If you want to deserialize and re-read the file, just use the pickle.load function. The serialization protocol is auto-detected and does not need to be specified. In addition, there are two parameters encoding and errors to tell pickle how to deserialize the serialized file lower than the current python version, the default value is fine.
import pickle
with open('data.bin', 'rb') as f:
data = pickle.load(f)
print(type(data))
print(data['name'])
print(data.keys())
<class 'dict'>
data struct
dict_keys(['name', 'number', 'tuple', 'numpy_data'])
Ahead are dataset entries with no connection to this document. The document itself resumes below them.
Lemma det_subr_mulmx (R : comNzRingType) (m k : nat) (x : R) (P X : 'M[R]_m)
    (U : 'M[R]_(m, k)) (V : 'M[R]_(k, m)) :
  X *m P = x%:M -> x ^+ k * \det (P - U *m V) = \det P * \det (x%:M - V *m X *m U).
Proof.
move=> XP.
have elim_U : block_mx 1%:M U 0 1%:M *m block_mx (P - U *m V) 0 V 1%:M
              = block_mx P U V 1%:M.
  by rewrite mulmx_block !mul1mx !mul0mx !mulmx1 !add0r subrK.
have elim_V : block_mx 1%:M 0 (- (V *m X)) x%:M *m block_mx P U V 1%:M
              = block_mx P U 0 (x%:M - V *m X *m U).
  rewrite mulmx_block !mul1mx !mul0mx !mulmx1 !addr0 !mulNmx.
  by rewrite -[V *m X *m P]mulmxA XP mul_mx_scalar mul_scalar_mx addNr addrC.
have := congr1 determinant elim_V.
rewrite det_mulmx det_lblock det_ublock det1 mul1r det_scalar => <-.
by rewrite -elim_U det_mulmx det_ublock det_lblock !det1 !mul1r mulr1.
Qed.

Section Incidence.
Variables (R : comNzRingType) (n : nat) (E : {set 'I_n * 'I_n}).
Local Notation m := #|E|.

Definition srcmx : 'M[R]_(m, n) := \matrix_(e, j) ((edge E e).1 == j)%:R.
Definition tgtmx : 'M[R]_(m, n) := \matrix_(e, j) ((edge E e).2 == j)%:R.

Definition reciprocal (e : 'I_m) : bool := rev_pair (edge E e) \in E.
Definition recipdiag : 'M[R]_m := diag_mx (\row_e (reciprocal e)%:R).

Lemma natr_pair_eq (p q : 'I_n * 'I_n) :
  (p.1 == q.1)%:R * (p.2 == q.2)%:R = (p == q)%:R :> R.
Proof. by case: p q => [a b] [c d]; rewrite xpair_eqE -natrM mulnb. Qed.

Lemma revmxE e f : revmx R E e f = (edge E f == rev_pair (edge E e))%:R.
Proof. by rewrite !mxE -natr_pair_eq /= eq_sym. Qed.

Lemma revmx_neq0 e f : revmx R E e f != 0 -> edge E f = rev_pair (edge E e).
Proof. by rewrite revmxE; case: (edge E f =P _) => // _; rewrite eqxx. Qed.

Lemma recipdiagE e f : recipdiag e f = (reciprocal e)%:R * (e == f)%:R.
Proof. by rewrite !mxE mulr_natr. Qed.

Lemma linemx_factor : linemx R E = tgtmx *m srcmx^T.
Proof.
apply/matrixP => e f; rewrite !mxE.
under eq_bigr do rewrite !mxE.
by rewrite sum_delta_l eq_sym.
Qed.

Lemma adjmx_factor : srcmx^T *m tgtmx = adjmx R E.
Proof.
apply/matrixP => i j; rewrite !mxE.
under eq_bigr do rewrite !mxE.
rewrite (big_edge E (fun x => (x.1 == i)%:R * (x.2 == j)%:R)).
under eq_bigr do rewrite (natr_pair_eq _ (i, j)) -[_%:R]mulr1.
by rewrite sum_in_delta mulr1.
Qed.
Return the serialized representation of the object as a bytes object via the dumps function instead of writing it to a file. The bytes object is deserialized through the loads function. Note that bytes is a new type of Python3, and bytes are only responsible for storing data in binary form.
data = [1,2,3]
# 序列化,返回bytes对象
dumped = pickle.dumps(data)
print(dumped)
print(type(dumped))
print(len(dumped))
# 反序列化
loaded = pickle.loads(dumped)
print(loaded)
b'\x80\x03]q\x00(K\x01K\x02K\x03e.'
<class 'bytes'>
14
[1, 2, 3]
The process of serialization and deserialization can be influenced by the __getstate__ and __setstate__ functions. The __getstate__ function is called when serializing, and the __setstate__ function is called when deserializing.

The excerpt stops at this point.